Two months into the ceasefire in Yemen civilians continue to be severely affected by violence according to the medical humanitarian organisation Doctors Without Borders (MSF). Since the ceasefire started in April, MSF facilities and supported hospitals treated a staggering 1,624 people with injuries caused by the intense fighting in Taiz. Nearly half of them are civilians.
Taiz has seen some of the fiercest fighting since the escalation of the conflict began 15 months ago, with shelling, airstrikes, bomb blasts, landmine explosions and sniper fire happening every day. Fighting and shelling takes place in densely populated parts of the city. None of the warring parties appear to be making an effort to prevent casualties among civilians.
“On 3 June we received 122 wounded in our supported facilities, the majority coming as a result of a missile which hit a crowded market in Taiz,” says Salah Dongu’du, MSF project coordinator in Taiz. “A further twelve people were dead on arrival or wounded so seriously that they died soon after arriving at the emergency room. The vast majority were for sure civilians. The next day a further 135 people came in with war-wounds. There is simply no let-up in the violence.”

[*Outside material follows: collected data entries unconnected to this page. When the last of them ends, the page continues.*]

Lemma sigma_t_le x y M : 0 < t -> 1 <= M -> (dist_inf x y)%:R / t <= M ->
  sigma x y <= 4 * K * t * M.
Proof.
rewrite /sigma /sigma_t => t0 M1; set n : R := (dist_inf x y)%:R.
rewrite ler_pdivrMr // => n_tM; have n0 : 0 <= n by rewrite /n ler0n.
have := dist_inf_le_tau x y; rewrite -/n; clearbody n => n_tau.
have K0 : 0 <= 4 * K := le_trans ler01 K_ge.
have Kt_tM : 4 * K * t <= 4 * K * t * M by rewrite ler_peMr // mulr_ge0 // ltW.
case: ifP => [_|_]; first by rewrite -[4 * K * t * M]mulrA [t * M]mulrC ler_wpM2l.
case: ifP => [_|]; first by [].
case: (tau R om S x y) n_tau => [r| |] //= _; last by rewrite ltry.
by rewrite lte_fin ltNge => /negbFE /le_trans; apply.
Qed.

Lemma path_cost_ge0 x s : 0 <= path_cost K t om S x s.
Proof.
rewrite /path_cost (sum_pairmap _ x); apply: sumr_ge0 => j _.
exact: le_trans (ler0n _ _) (dist_inf_le_sigma_t _ _).
Qed.

Lemma arc_length_le_path_cost x s :
  (arc_length (nth x (x :: s)) (size s))%:R <= path_cost K t om S x s.
Proof.
rewrite /path_cost (sum_pairmap _ x) /arc_length natr_sum; apply: ler_sum => j _.
exact: dist_inf_le_sigma_t.
Qed.

Lemma T_t_le_sigma_t x y : T_t K t om S x y <= sigma x y.
Proof.
apply: ge_inf; first by exists 0 => _ [s [_ ->]]; apply: path_cost_ge0.
exists [:: y]; split; first by [].
by rewrite /path_cost /= big_cons big_nil addr0.
Qed.

Lemma arc_length_le_of_optimal x y s : 0 < t -> T_t K t om S x y = path_cost K t om S x s ->
  (arc_length (nth x (x :: s)) (size s))%:R <= 4 * K * t * Num.max 1 ((dist_inf x y)%:R / t).
Proof.
move=> t0 s_opt; apply: le_trans (arc_length_le_path_cost x s) _.
rewrite -s_opt; apply: le_trans (T_t_le_sigma_t x y) _.
by apply: sigma_t_le; rewrite // le_max lexx ?orbT.
Qed.

End PassageCost.

Lemma truncn_div_succ_le (R : archiRealFieldType) (a t K M : R) : 0 < t -> 0 <= a ->
  1 <= K -> 1 <= M -> a <= 4 * K * t * M -> (Num.truncn (a / t)).+1%:R <= 5 * K * M.
Proof.
move=> t0 a0 K1 M1 a_le; have KM1 : 1 <= K * M by rewrite mulr_ege1.
have : a / t <= 4 * K * M by rewrite ler_pdivrMr // mulrAC.
have := truncn_le (a / t); rewrite divr_ge0 ?(ltW t0) // -addn1 natrD; lra.
Qed.

Lemma sumr_indicator_count (V : pzSemiRingType) (T : Type) (P : pred T) (r : seq T) :
  \sum_(i <- r) (if P i then 1 else 0 : V) = (count P r)%:R.
Proof. by rewrite -big_mkcond -sum1_count natr_sum. Qed.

No matter where in the city, the impact on residents is felt by all, with people losing family members, homes and livelihoods and living in constant fear with no choice than to just go on with their lives. Meanwhile the humanitarian situation continues to deteriorate. People’s access to healthcare is severely limited, there is no electricity, the streets are piled with rubbish, and food and other commodities are only available at inflated prices.

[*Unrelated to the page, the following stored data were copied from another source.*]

(* Let $c\in\mathbb{F}_4$ satisfy $c^2+c+1=0$ and let $L(x)=x^4+cx$. Then $L$ is a bijection of $\mathbb{F}_{4^n}$ if and only if $3\nmid n$. Consequently, the function $F(x)=x^{12}+cx^3=L(x^3)$ is APN on $\mathbb{F}_{4^n}$ for every positive integer $n$ not divisible by $3$.
   Context: A function $f:K\to K$ on a finite field $K$ of characteristic $2$ is almost perfect nonlinear (APN) on $K$ if for all $a,b\in K$ with $a\ne0$ the equation $f(x+a)+f(x)=b$ has at most $2$ solutions $x\in K$. *)

From HB Require Import structures.
From mathcomp Require Import all_boot all_order all_algebra all_field.
Set Implicit Arguments. Unset Strict Implicit. Unset Printing Implicit Defensive.
Import GRing.Theory.
Local Open Scope ring_scope.

Definition APN (K : finFieldType) (f : K -> K) : Prop :=
  forall a b : K, a != 0 -> leq #|[set x : K | f (x + a) + f x == b]| 2.

From HB Require Import structures.
From mathcomp Require Import all_boot all_order all_algebra all_field.
From mathcomp Require Import cyclic ring.
Set Implicit Arguments.
Unset Strict Implicit.
Unset Printing Implicit Defensive.
Import GRing.Theory.
Local Open Scope ring_scope.

(* Let K be a field with 4^n elements and c a root of X^2 + X + 1, so that c
   is a primitive cube root of unity (K has characteristic 2).
   1. In characteristic 2 the map L x = x^4 + c x is additive, so it is a
      bijection iff its kernel is trivial; a nonzero kernel element is exactly
      a w <> 0 with w^3 = c.
   2. If w^3 = c with w <> 0, then iterating w^4 = c w gives w^(4^k) = c^k w,
      and w^(4^n) = w forces c^n = 1, i.e. 3 | n.  Conversely, if 3 | n then
      9 divides #|K| - 1 = 4^n - 1; writing #|K| - 1 = 3m, c^m = 1 because
      3 | m, so c is a cube in the cyclic group K^*.
   3. For APN-ness we use the "fibre" criterion: f is APN as soon as
      f(x+a) + f(x) = f(y+a) + f(y) with a <> 0 forces x in {y, y + a}.  The
      cube map satisfies it in characteristic 2, and the criterion is
      preserved by post-composition with an injective additive map; since
      F x = L (x^3), F is APN whenever L is a bijection. *)

Definition pairwise_fibres (K : fieldType) (f : K -> K) : Prop :=
  forall a x y : K, a != 0 ->
    f (x + a) + f x = f (y + a) + f y -> x = y \/ x = y + a.

(* The fibre criterion implies APN: a nonempty solution set of
   f (x + a) + f x = b lies in {y, y + a} for any of its elements y. *)
Lemma pairwise_fibres_APN (K : finFieldType) (f : K -> K) :
  pairwise_fibres f -> APN f.
Proof.
move=> fibres a b a0; set S := [set x | _].
have [->|[y Sy]] := set_0Vmem S; first by rewrite cards0.
have sub_pair : S \subset [set y; y + a].
  apply/subsetP => x; rewrite !inE => /eqP fx.
  move: Sy; rewrite inE => /eqP fy.
  have [|->|->] := fibres a x y a0; first by rewrite fx fy.
    by rewrite eqxx.
  by rewrite eqxx orbT.
by rewrite (leq_trans (subset_leq_card sub_pair)) // cards2; case: (_ != _).
Qed.

(* Post-composing with an injective additive map preserves the criterion,
   because it commutes with taking derivatives. *)
Lemma pairwise_fibres_comp (K : fieldType) (L g F : K -> K) :
  (forall x y, L (x + y) = L x + L y) -> injective L ->
  (forall x, F x = L (g x)) -> pairwise_fibres g -> pairwise_fibres F.
Proof.
move=> L_add L_inj FE g_fibres a x y a0; rewrite !FE -!L_add => /L_inj.
exact: g_fibres.
Qed.

Lemma cube_root_unity (K : fieldType) (c : K) :
  3%:R != 0 :> K -> c ^+ 2 + c + 1 = 0 -> 3.-primitive_root c.
Proof.
move=> three_neq0 hc.
have c3 : c ^+ 3 = 1.
  apply/eqP; rewrite -subr_eq0.
  have -> : c ^+ 3 - 1 = (c - 1) * (c ^+ 2 + c + 1) by ring.
  by rewrite hc mulr0.
have [m prim_m m3] := prim_order_exists (isT : (0 < 3)%N) c3.
have c_neq1 : c != 1.
  apply: contra_neq three_neq0 => c1.
  by rewrite -hc c1 expr1n; ring.
move: prim_m m3 (dvdn_leq (isT : (0 < 3)%N) m3); case: m => [|[|[|[|m]]]] //.
by move=> /prim_order_dvd/(_ 1%N); rewrite expr1 (negbTE c_neq1).
Qed.

Lemma finField_prim_root (K : finFieldType) :
  exists z : K, (#|K|.-1).-primitive_root z.
Proof.
set N := #|K|.-1.
have KN : #|K| = N.+1 by rewrite /N prednK // (leq_trans _ (finNzRing_gt1 K)).
have N_gt0 : (0 < N)%N by rewrite -ltnS -KN finNzRing_gt1.
have unit_root (x : K) : x != 0 -> x ^+ N = 1.
  by move=> x0; apply: (mulIf x0); rewrite mul1r -exprSr -KN expf_card.
have : has N.-primitive_root (enum (predC1 (0 : K))).
  apply: has_prim_root => //; last by rewrite -cardE cardC1.
    apply/allP => x; rewrite mem_enum /= => x0.
    by rewrite unity_rootE unit_root.
  exact: enum_uniq.
by case/hasP => z _ prim_z; exists z.
Qed.

(* In a finite field with #|K| - 1 = d * m, every y with y^m = 1 is a d-th
   power: y is an (i m)-th-root-of-one power z^i of a generator z, so d | i. *)
Lemma finField_power_of_unit_root (K : finFieldType) (d m : nat) (y : K) :
  (d * m)%N = #|K|.-1 -> y ^+ m = 1 -> exists x : K, x ^+ d = y.
Proof.
move=> dm ym; have [z prim_z] := finField_prim_root K.
have m_gt0 : (0 < m)%N.
  by move: (prim_order_gt0 prim_z); rewrite -dm muln_gt0 => /andP[].
have yN : y ^+ #|K|.-1 = 1 by rewrite -dm mulnC exprM ym expr1n.
have [i yE] := prim_rootP prim_z yN.
have d_i : (d %| i)%N.
  by rewrite -(dvdn_pmul2r m_gt0) dm (prim_order_dvd prim_z) exprM -yE ym.
by exists (z ^+ (i %/ d)); rewrite -exprM divnK // yE.
Qed.

(* 9 divides 4^n - 1 when 3 divides n, since 4^3 = 1 modulo 9. *)
Lemma dvdn9_exp4_sub1 (n : nat) : (3 %| n)%N -> (9 %| 4 ^ n - 1)%N.
Proof.
case/dvdnP=> k ->; rewrite -eqn_mod_dvd ?expn_gt0 // mulnC expnM -modnXm.
by rewrite [(4 ^ 3 %% 9)%N]/= exp1n.
Qed.

Lemma exp4_iter (R : comNzRingType) (c w : R) :
  c ^+ 3 = 1 -> w ^+ 4 = c * w -> forall k, w ^+ (4 ^ k) = c ^+ k * w.
Proof.
move=> c3 w4; elim=> [|k IH]; first by rewrite expn0 expr1 mul1r.
have c4 : c ^+ 4 = c by rewrite exprSr c3 mul1r.
by rewrite expnSr exprM IH exprMn w4 -exprM mulnC exprM c4 mulrA -exprSr.
Qed.

Section CharacteristicTwo.

Variable K : fieldType.
Hypothesis pchar2 : 2%N \in [pchar K].

Lemma addr_eq0_pchar2 (x y : K) : (x + y == 0) = (x == y).
Proof. by rewrite addr_eq0 oppr_pchar2. Qed.

Lemma sqrD_pchar2 (x y : K) : (x + y) ^+ 2 = x ^+ 2 + y ^+ 2.
Proof. by rewrite sqrrD mulr2n addrr_pchar2 // addr0. Qed.

Lemma exp4D_pchar2 (x y : K) : (x + y) ^+ 4 = x ^+ 4 + y ^+ 4.
Proof. by rewrite -[4%N]/(2 * 2)%N !exprM !sqrD_pchar2. Qed.

Lemma linearized_additive (c x y : K) :
  (x + y) ^+ 4 + c * (x + y) = (x ^+ 4 + c * x) + (y ^+ 4 + c * y).
Proof. by rewrite exp4D_pchar2 mulrDr addrACA. Qed.

Lemma linearized_root (c w : K) :
  w != 0 -> (w ^+ 4 + c * w == 0) = (w ^+ 3 == c).
Proof.
by move=> w0; rewrite exprSr -mulrDl mulf_eq0 (negbTE w0) orbF addr_eq0_pchar2.
Qed.

(* The derivative of the cube map in direction a is a x^2 + a^2 x + a^3, so
   two of its values agree exactly when a (x + y) (x + y + a) = 0; the ring
   identity below holds up to a multiple of 2, which vanishes here. *)
Lemma cube_pairwise_fibres : pairwise_fibres (fun x : K => x ^+ 3).
Proof.
move=> a x y a0 /eqP; rewrite -addr_eq0_pchar2.
have -> : (x + a) ^+ 3 + x ^+ 3 + ((y + a) ^+ 3 + y ^+ 3)
    = a * ((x + y) * (x + y + a)) + 2%:R * (x ^+ 3 + y ^+ 3 + a * x ^+ 2
        + a * y ^+ 2 - a * x * y + a ^+ 2 * x + a ^+ 2 * y + a ^+ 3).
  by ring.
rewrite (pcharf0 pchar2) mul0r addr0.
rewrite !mulf_eq0 (negbTE a0) /= -addrA !addr_eq0_pchar2.
by case/orP => /eqP; [left | right].
Qed.

End CharacteristicTwo.

Section FieldOfOrderPowerOfFour.

Variables (n : nat) (K : finFieldType) (c : K).
Hypotheses (hK : #|K| = (4 ^ n)%N) (hc : c ^+ 2 + c + 1 = 0).

(* A field of order 4^n = 2^(2n) has characteristic 2 ... *)
Lemma pchar2_card : 2%N \in [pchar K].
Proof. by apply: (@card_finPcharP _ 2 (2 * n)) => //; rewrite hK expnM. Qed.

(* ... so 3 = 1 is invertible and c is a primitive cube root of unity. *)
Lemma c_prim_root : 3.-primitive_root c.
Proof.
apply: cube_root_unity hc.
by rewrite -[3%N]/(1 + 2)%N natrD (pcharf0 pchar2_card) addr0 oner_neq0.
Qed.

Lemma cube_root_c_iff : (exists2 w : K, w != 0 & w ^+ 3 = c) <-> (3 %| n)%N.
Proof.
have c3 : c ^+ 3 = 1 := prim_expr_order c_prim_root.
split=> [[w w0 w3] | n3].
  have w4 : w ^+ 4 = c * w by rewrite exprSr w3.
  have : c ^+ n * w = 1 * w by rewrite -exp4_iter // -hK expf_card mul1r.
  by move/(mulIf w0)/eqP; rewrite -(prim_order_dvd c_prim_root).
have Kpred : #|K|.-1 = (4 ^ n - 1)%N by rewrite hK subn1.
have [m m_def] : exists m, (3 * m)%N = #|K|.-1.
  exists ((4 ^ n - 1) %/ 3)%N; rewrite Kpred mulnC divnK //.
  exact: dvdn_trans _ (dvdn9_exp4_sub1 n3).
have cm : c ^+ m = 1.
  apply/eqP; rewrite -(prim_order_dvd c_prim_root) -(@dvdn_pmul2l 3) //.
  by rewrite m_def Kpred dvdn9_exp4_sub1.
have [w w3] := finField_power_of_unit_root m_def cm.
exists w => //; apply: contra_eq_neq w3 => ->.
by rewrite expr0n eq_sym (prim_root_eq0 c_prim_root).
Qed.

(* Hence the linearized polynomial L x = x^4 + c x is injective iff 3 does
   not divide n: its kernel consists of 0 and the cube roots of c. *)
Lemma linearized_injective_iff :
  injective (fun x : K => x ^+ 4 + c * x) <-> ~~ (3 %| n)%N.
Proof.
have L0 : 0 ^+ 4 + c * 0 = 0 :> K by rewrite expr0n mulr0 addr0.
split=> [L_inj | n3 x y /= Lxy].
  apply/negP => /cube_root_c_iff [w w0 /eqP w3].
  have /eqP Lw : w ^+ 4 + c * w == 0 by rewrite linearized_root // pchar2_card.
  by move: w0; rewrite (L_inj w 0) ?eqxx //= Lw L0.
apply/eqP; rewrite -(addr_eq0_pchar2 pchar2_card); apply: contraNT n3 => xy0.
apply/cube_root_c_iff; exists (x + y) => //; apply/eqP.
rewrite -(linearized_root pchar2_card) // (linearized_additive pchar2_card).
by rewrite Lxy addrr_pchar2 // pchar2_card.
Qed.

End FieldOfOrderPowerOfFour.

Theorem mainTheorem6 (n : nat) (K : finFieldType) (hK : #|K| = (4 ^ n)%N)
    (c : K) (hc : c ^+ 2 + c + 1 = 0) :
  (bijective (fun x : K => x ^+ 4 + c * x) <-> ~~ (3 %| n)%N) /\
  ((0 < n)%N -> ~~ (3 %| n)%N -> APN (fun x : K => x ^+ 12 + c * x ^+ 3)).
Proof.
have pchar2 := pchar2_card hK.
have L_inj_iff := linearized_injective_iff hK hc.
split.
  split=> [/bij_inj /L_inj_iff // | /L_inj_iff]; exact: injF_bij.
move=> _ /L_inj_iff L_inj; apply: pairwise_fibres_APN.
apply: (pairwise_fibres_comp (linearized_additive pchar2 c) L_inj _
  (cube_pairwise_fibres pchar2)).
by move=> x; rewrite -exprM.
Qed.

“Recently I walked into one of the emergency rooms where our teams are working,” says MSF head of mission Will Turner. “In front of me were two young children lying in beds next to each other. The boy had been hit by a bullet in the neck as he left the mosque; the girl next to him had her stomach ripped open by a bullet as she waited to collect water. Such tragic stories occur on a daily basis in Taiz. This is totally unacceptable.”
MSF calls on all warring parties in Yemen to take far greater measures to protect civilians and calls for all actors whether they are participating at the peace talks in Kuwait or not, to reduce the intense level of conflict and facilitate at all times un-restricted humanitarian access in Taiz.
As an impartial and neutral medical humanitarian organisation, MSF supports and runs 30 hospitals in 8 governorates across Yemen, treating people irrespective of their religious, tribal, political or military affiliations. More than forty thousand war-wounded patients have been treated in MSF-supported hospitals across Yemen since March 2015.